Светлый фон

Однажды я был свидетелем донкихотских эмоций ассимилированного еврея. В самаркандском аэропорту мне встретился еврей-портной, рассказавший, что у него есть родственники, которые уехали в Израиль, а теперь думают о возвращении назад. Еврей этот был настолько ассимилирован, что называл себя «беспартийным большевиком» и сказал, что его сына зовут Владимир Ильич (в честь Ленина). Однако когда он начинал рассказывать о своих родственниках, то скорее извинял их и проявлял понимание их поступка. По его словам, они уехали, поддавшись уговорим других евреев. Ему хотелось знать: если я напишу о них, поможет ли это им вернуться? Но когда мои русские спутники подошли к нам поближе, так что могли слышать разговор, он начал поливать грязью и осуждать своих родственников. «Они поставили нас в тяжелое положение, — говорил он. — Они плюют в колодец, из которого пили. Они предали свою родину».

Однако ни у одной еврейской семьи не сложилось столь трагического положения из-за разногласий, как у Володи Слепака, который за все время моего пребывания в Москве был мужественно терпеливым ветераном движения, твердокаменным отказником, самым уважаемым и самым неудачливым из всех добивающихся разрешения на выезд. История Слепака представляет собой летопись всего движения. Его активистская деятельность началась в 1969 г. С тех пор, как в 1970 г. он подал заявление на выезд, его увольняли со всех мест работы, куда он устраивался, преследовали, производили обыски. По пятам за ним ходили агенты КГБ, врывались в квартиру, минимум двадцать раз задерживали и подвергали допросу по различным поводам. Оба раза, когда президент Никсон посещал Москву, Слепака превентивно арестовывали, а на его жалобу прокурору Москвы по поводу второго незаконного ареста ему было официально отвечено, что он никогда не подвергался лишению свободы. Несмотря на все это, Слепак, как мне казалось, переносил свои невзгоды удивительно незлобиво и получал большое удовлетворение, оказывая помощь другим. Последний раз, когда я видел его, он, сидя в громадном, чересчур туго набитом кресле в своей коммунальной квартире, поднимал тосты за мои будущие успехи. Мы пили неразбавленный шотландский виски, так как водки, чтобы отметить мой отъезд, не оказалось. И жена Слепака Мария, крупная спокойная женщина с очень красивым лицом, призналась мне, как всегда спокойно, что после пяти лет становится все трудней.

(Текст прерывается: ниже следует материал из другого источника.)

(* Let $M,N>0$. Define a sequence $a^{(m)}=a^{(m)}(M,N)$ by $a^{(0)}=M$ and, for $m\ge1$, $$a^{(m)}=Nm\sum_{r=0}^{m-1}\binom{m-1}{r}a^{(r)}a^{(m-r-1)}+\frac{N}{m+1}\sum_{r=2}^{m-1}\binom{m+1}{r}a^{(r)}a^{(m-r+1)}.$$ Then $\sum_{m=0}^\infty a^{(m)}t^m/m!$ converges in a neighborhood of $t=0$ and its sum equals $$a(t)=\frac{M+t\left(M^2N+\frac{1}{2N}\right)-t\sqrt{\frac{1}{4N^2}-t\left(2M^3N+\frac{M}{N}\right)-t^2M^4N^2}}{t^2+1}.$$
   Context: An empty sum equals $0$. *)

From Stdlib Require Import Reals.
From Coquelicot Require Import Coquelicot.
Open Scope R_scope.

(* The recurrence defining a^(m)(M,N):
   a 0 = M and, for m >= 1,
   a m = N m sum_{r=0}^{m-1} binom(m-1,r) a r a (m-r-1)
         + N/(m+1) sum_{r=2}^{m-1} binom(m+1,r) a r a (m-r+1).
   (sum_n_m f 2 (m-1) is the empty sum 0 when m-1 < 2.) *)
Definition is_a_seq (M N : R) (a : nat -> R) : Prop :=
  a 0%nat = M /\
  forall m : nat, (1 <= m)%nat ->
    a m = N * INR m * sum_n_m (fun r => Binomial.C (m - 1) r * a r * a (m - r - 1)%nat) 0 (m - 1)
          + N / INR (m + 1) *
            sum_n_m (fun r => Binomial.C (m + 1) r * a r * a (m - r + 1)%nat) 2 (m - 1).

Definition a_closed (M N t : R) : R :=
  (M + t * (M ^ 2 * N + 1 / (2 * N))
     - t * sqrt (1 / (4 * N ^ 2) - t * (2 * M ^ 3 * N + M / N) - t ^ 2 * M ^ 4 * N ^ 2))
  / (t ^ 2 + 1).

(* With [b m = a m / m!], the recurrence says that [B(t) = \sum b m t^m] solves
   [B - M = N t B^2 + (N / t) (B - M - b 1 t)^2]. Completing the square, the series
   [H(t) = ((1 + t^2) B(t) - M - beta t) / t] satisfies [H^2 = D(t)], where [D] is the
   quadratic under the square root of [a_closed]; this is an identity between
   coefficients. Read coefficientwise, [H^2 = D] is a quadratic recursion for the
   coefficients of [H], and such recursions grow at most geometrically (by induction
   against the majorant [A R^n / (n + 1)^2], whose self-convolution is [O (R^n /
   (n + 1)^2)]). So [H] and [B] have positive radius of convergence. As
   [H(0) = - 1 / (2 N) < 0], near [0] we have [H = - sqrt D], and solving the linear
   relation between [B] and [H] yields [a_closed]. *)

From Stdlib Require Import Reals Lra Lia Arith.
From Coquelicot Require Import Coquelicot.
Open Scope R_scope.

Lemma sum_n_m_Rplus (f g : nat -> R) (n m : nat) :
  sum_n_m (fun k => f k + g k) n m = sum_n_m f n m + sum_n_m g n m.
Proof. exact (sum_n_m_plus f g n m). Qed.

Lemma sum_n_m_Rmult_l (c : R) (f : nat -> R) (n m : nat) :
  sum_n_m (fun k => c * f k) n m = c * sum_n_m f n m.
Proof. exact (sum_n_m_mult_l c f n m). Qed.

Lemma sum_n_m_le_loc (f g : nat -> R) (n m : nat) :
  (forall k, (n <= k <= m)%nat -> f k <= g k) -> sum_n_m f n m <= sum_n_m g n m.
Proof.
  intros Hfg. destruct (le_lt_dec n m) as [Hnm | Hmn].
  - induction Hnm as [| m Hnm IH].
    + rewrite !sum_n_n. apply Hfg. lia.
    + rewrite !sum_n_Sm by lia. apply Rplus_le_compat.
      * apply IH. intros k Hk. apply Hfg. lia.
      * apply Hfg. lia.
  - rewrite !sum_n_m_zero by lia. apply Rle_refl.
Qed.

Lemma sum_n_m_nonneg (f : nat -> R) (n m : nat) :
  (forall k, (n <= k <= m)%nat -> 0 <= f k) -> 0 <= sum_n_m f n m.
Proof.
  intros Hf. rewrite <- (Rmult_0_r (INR (S m - n))), <- sum_n_m_const.
  now apply sum_n_m_le_loc.
Qed.

Lemma sum_n_m_interior_le (f : nat -> R) (n : nat) :
  (forall k, 0 <= f k) -> sum_n_m f 1 (n - 1) <= sum_n_m f 0 n.
Proof.
  intros Hf. destruct n as [| n].
  - rewrite sum_n_m_zero, sum_n_n by lia. apply Hf.
  - rewrite (sum_Sn_m f 0), sum_n_Sm by lia. simpl. rewrite Nat.sub_0_r.
    change plus with Rplus. pose proof (Hf O). pose proof (Hf (S n)). lra.
Qed.

Lemma sum_n_m_reflect (f : nat -> R) (n : nat) :
  sum_n_m (fun r => f (n - r)%nat) 0 n = sum_n_m f 0 n.
Proof.
  change (sum_n (fun r => f (n - r)%nat) n = sum_n f n).
  rewrite !sum_n_Reals. apply sum_f_R0_skip.
Qed.

Definition conv_sum (u : nat -> R) (lo hi n : nat) : R :=
  sum_n_m (fun r => u r * u (n - r)%nat) lo hi.

Lemma conv_sum_peel_ends (u : nat -> R) (n : nat) : (1 <= n)%nat ->
  conv_sum u 0 n n = 2 * (u O * u n) + conv_sum u 1 (n - 1) n.
Proof.
  intros Hn. destruct n as [| n]; [lia |]. unfold conv_sum.
  rewrite sum_Sn_m, sum_n_Sm by lia. simpl. rewrite Nat.sub_0_r, Nat.sub_diag.
  change plus with Rplus. ring.
Qed.

Lemma is_series_finite (u : nat -> R) (d : nat) :
  (forall n, (d < n)%nat -> u n = 0) -> is_series u (sum_n u d).
Proof.
  intros Hu. apply (filterlim_ext_loc (fun _ => sum_n u d)).
  - exists d. intros n Hn. induction Hn as [| n Hn IH]; [reflexivity |].
    rewrite sum_Sn, <- IH, (Hu (S n)) by lia. symmetry. apply Rplus_0_r.
  - apply filterlim_const.
Qed.

Lemma is_pseries_finite (c : nat -> R) (d : nat) (x : R) :
  (forall n, (d < n)%nat -> c n = 0) ->
  is_pseries c x (sum_n (fun n => c n * x ^ n) d).
Proof.
  intros Hc. unfold is_pseries.
  rewrite (sum_n_ext _ (fun n => scal (pow_n x n) (c n))).
  - apply is_series_finite. intros n Hn. rewrite Hc by lia. apply Rmult_0_r.
  - intros n. rewrite (pow_n_pow x n). apply Rmult_comm.
Qed.

Lemma sum_n_two (f : nat -> R) : sum_n f 2 = f O + f 1%nat + f 2%nat.
Proof. rewrite !sum_Sn, sum_O. reflexivity. Qed.

Lemma CV_radius_ge_inv_of_geometric (u : nat -> R) (K R : R) : 0 < R ->
  (forall n, Rabs (u n) <= K * R ^ n) -> Rbar_le (/ R) (CV_radius u).
Proof.
  intros HR Hu. apply (proj1 (CV_radius_bounded u)).
  exists K. intros n.
  rewrite Rabs_mult, <- RPow_abs, (Rabs_pos_eq (/ R)), pow_inv
    by (left; apply Rinv_0_lt_compat, HR).
  pose proof (pow_lt R n HR).
  apply (Rmult_le_reg_r (R ^ n)); [assumption |].
  rewrite Rmult_assoc, Rinv_l by lra. rewrite Rmult_1_r. apply Hu.
Qed.

Definition weight (n : nat) : R := / INR (S n) ^ 2.

Lemma weight_pos (n : nat) : 0 < weight n.
Proof. apply Rinv_0_lt_compat, pow_lt, lt_0_INR. lia. Qed.

Lemma weight_le_1 (n : nat) : weight n <= 1.
Proof.
  unfold weight. rewrite <- Rinv_1. apply Rinv_le_contravar; [lra |].
  pose proof (pos_INR n). rewrite S_INR. nra.
Qed.

Lemma sum_weight_le (n : nat) : sum_n_m weight 0 n <= 2 - / INR (S n).
Proof.
  induction n as [| n IH].
  - rewrite sum_n_n. unfold weight. simpl. lra.
  - rewrite sum_n_Sm by lia. change plus with Rplus.
    enough (weight (S n) <= / INR (S n) - / INR (S (S n))) by lra.
    unfold weight. rewrite !S_INR. pose proof (pos_INR n).
    replace (/ (INR n + 1) - / (INR n + 1 + 1))
      with (/ ((INR n + 1) * (INR n + 1 + 1))) by (field; lra).
    apply Rinv_le_contravar; nra.
Qed.

(* Because [z^2 <= (x + y)^2 <= 2 (x^2 + y^2)]. *)
Lemma inv_sq_mul_le (x y z : R) : 0 < x -> 0 < y -> 0 < z -> z <= x + y ->
  / (x ^ 2 * y ^ 2) <= 2 * / z ^ 2 * (/ x ^ 2 + / y ^ 2).
Proof.
  intros Hx Hy Hz Hxyz.
  assert (Hx2 : 0 < x ^ 2) by (apply pow_lt; lra).
  assert (Hy2 : 0 < y ^ 2) by (apply pow_lt; lra).
  assert (Hz2 : 0 < z ^ 2) by (apply pow_lt; lra).
  replace (2 * / z ^ 2 * (/ x ^ 2 + / y ^ 2))
    with (2 * (x ^ 2 + y ^ 2) / z ^ 2 * / (x ^ 2 * y ^ 2)) by (field; lra).
  rewrite <- (Rmult_1_l (/ (x ^ 2 * y ^ 2))) at 1.
  apply Rmult_le_compat_r; [left; apply Rinv_0_lt_compat; nra |].
  apply (Rmult_le_reg_r (z ^ 2)); [assumption |].
  unfold Rdiv. rewrite Rmult_assoc, Rinv_l, Rmult_1_l, Rmult_1_r by lra.
  assert (z ^ 2 <= (x + y) ^ 2) by (apply pow_incr; lra).
  pose proof (pow2_ge_0 (x - y)). nra.
Qed.

Lemma weight_conv_le (n : nat) :
  sum_n_m (fun r => weight r * weight (n - r)%nat) 0 n <= 8 * weight n.
Proof.
  apply Rle_trans with
    (sum_n_m (fun r => 2 * weight n * (weight r + weight (n - r)%nat)) 0 n).
  - apply sum_n_m_le_loc. intros r Hr. unfold weight.
    rewrite <- Rinv_mult. apply inv_sq_mul_le; try (apply lt_0_INR; lia).
    rewrite <- plus_INR. apply le_INR. lia.
  - rewrite sum_n_m_Rmult_l, sum_n_m_Rplus, sum_n_m_reflect.
    pose proof (sum_weight_le n). pose proof (weight_pos n).
    assert (0 < / INR (S n)) by (apply Rinv_0_lt_compat, lt_0_INR; lia).
    nra.
Qed.

Lemma succ_le_pow2 (n : nat) : INR (S n) <= 2 ^ n.
Proof.
  induction n as [| n IH]; [simpl; lra |].
  change (2 ^ S n) with (2 * 2 ^ n). rewrite !S_INR in *. pose proof (pos_INR n). lra.
Qed.

Lemma sq_succ_le_pow4 (n : nat) : INR (S n) ^ 2 <= 4 ^ n.
Proof.
  replace 4 with (2 * 2) by ring. rewrite Rpow_mult_distr, <- Rsqr_pow2.
  apply Rsqr_incr_1; [apply succ_le_pow2 | apply pos_INR | apply pow_le; lra].
Qed.

Section QuadraticRecursion.

Variables (N C rho : R) (u d : nat -> R).
Hypotheses (hN : 0 < N) (hC : 0 <= C) (hrho : 0 <= rho).
Hypothesis hd : forall n, (1 <= n)%nat -> Rabs (d n) <= C * rho ^ n.
Hypothesis hu : forall n, (1 <= n)%nat ->
  u n = N * (conv_sum u 1 (n - 1) n - d n).

Definition qr_radius : R := 4 * (1 + rho) * (1 + 32 * N ^ 2 * C).

Lemma qr_radius_ge_1 : 1 <= qr_radius.
Proof. unfold qr_radius. pose proof (Rmult_le_pos _ _ (pow2_ge_0 N) hC). nra. Qed.

Lemma qr_forcing_le (n : nat) : (1 <= n)%nat ->
  N * (C * rho ^ n) <= / (16 * N) * qr_radius ^ n * weight n / 2.
Proof.
  intros Hn.
  assert (HS : 0 < INR (S n)) by (apply lt_0_INR; lia).
  assert (Hkey : 32 * N ^ 2 * C * rho ^ n * INR (S n) ^ 2 <= qr_radius ^ n).
  { unfold qr_radius. rewrite !Rpow_mult_distr.
    assert (H32 : 0 <= 32 * N ^ 2 * C) by (pose proof (pow2_ge_0 N); nra).
    assert (32 * N ^ 2 * C <= (1 + 32 * N ^ 2 * C) ^ n).
    { apply Rle_trans with ((1 + 32 * N ^ 2 * C) ^ 1); [simpl; lra |].
      apply Rle_pow; [lra | assumption]. }
    assert (rho ^ n <= (1 + rho) ^ n) by (apply pow_incr; lra).
    pose proof (sq_succ_le_pow4 n). pose proof (pow_le rho n hrho).
    apply Rle_trans
      with ((1 + 32 * N ^ 2 * C) ^ n * (1 + rho) ^ n * 4 ^ n); [| right; ring].
    apply Rmult_le_compat; [apply Rmult_le_pos; assumption | apply pow2_ge_0 | |
      assumption].
    apply Rmult_le_compat; assumption. }
  replace (/ (16 * N) * qr_radius ^ n * weight n / 2)
    with (qr_radius ^ n / (32 * N * INR (S n) ^ 2)) by (unfold weight; field; lra).
  replace (N * (C * rho ^ n))
    with (32 * N ^ 2 * C * rho ^ n * INR (S n) ^ 2 / (32 * N * INR (S n) ^ 2))
    by (field; lra).
  apply Rmult_le_compat_r; [| assumption].
  left. apply Rinv_0_lt_compat. pose proof (pow_lt _ 2 HS). nra.
Qed.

Слепак не решался высказать вслух свои самые худшие подозрения — что его отъезду препятствовал отец. Однако в ходе разговора эта семейная история развертывалась подобно греческой трагедии. Его отец — Соломон Израилевич Слепак — всю свою жизнь связал с русской революцией. При царизме он сидел в тюрьме за радикальные воззрения, потом, подобно Хо-Ши-Мину и другим коммунистам начала века, уехал в Америку и был грузчиком в Нью-Йорке. Когда в России победила революция, он ринулся домой, командовал партизанской бригадой, сражавшейся с японцами, и в 1920 г. занимал высший партийный пост на Сахалине. В начале 20-х годов он, в качестве журналиста, был первым советским представителем в Японии. По совету министра иностранных дел Максима Литвинова Соломон Израилевич сменил свое откровенно еврейское имя и стал Семеном Игнатьевичем Слепаком. Впоследствии он был назначен членом президиума Коминтерна, основанного Лениным. Биография Слепака была почетной историей жизни истинного старого большевика, а его непоколебимые убеждения ей соответствовали.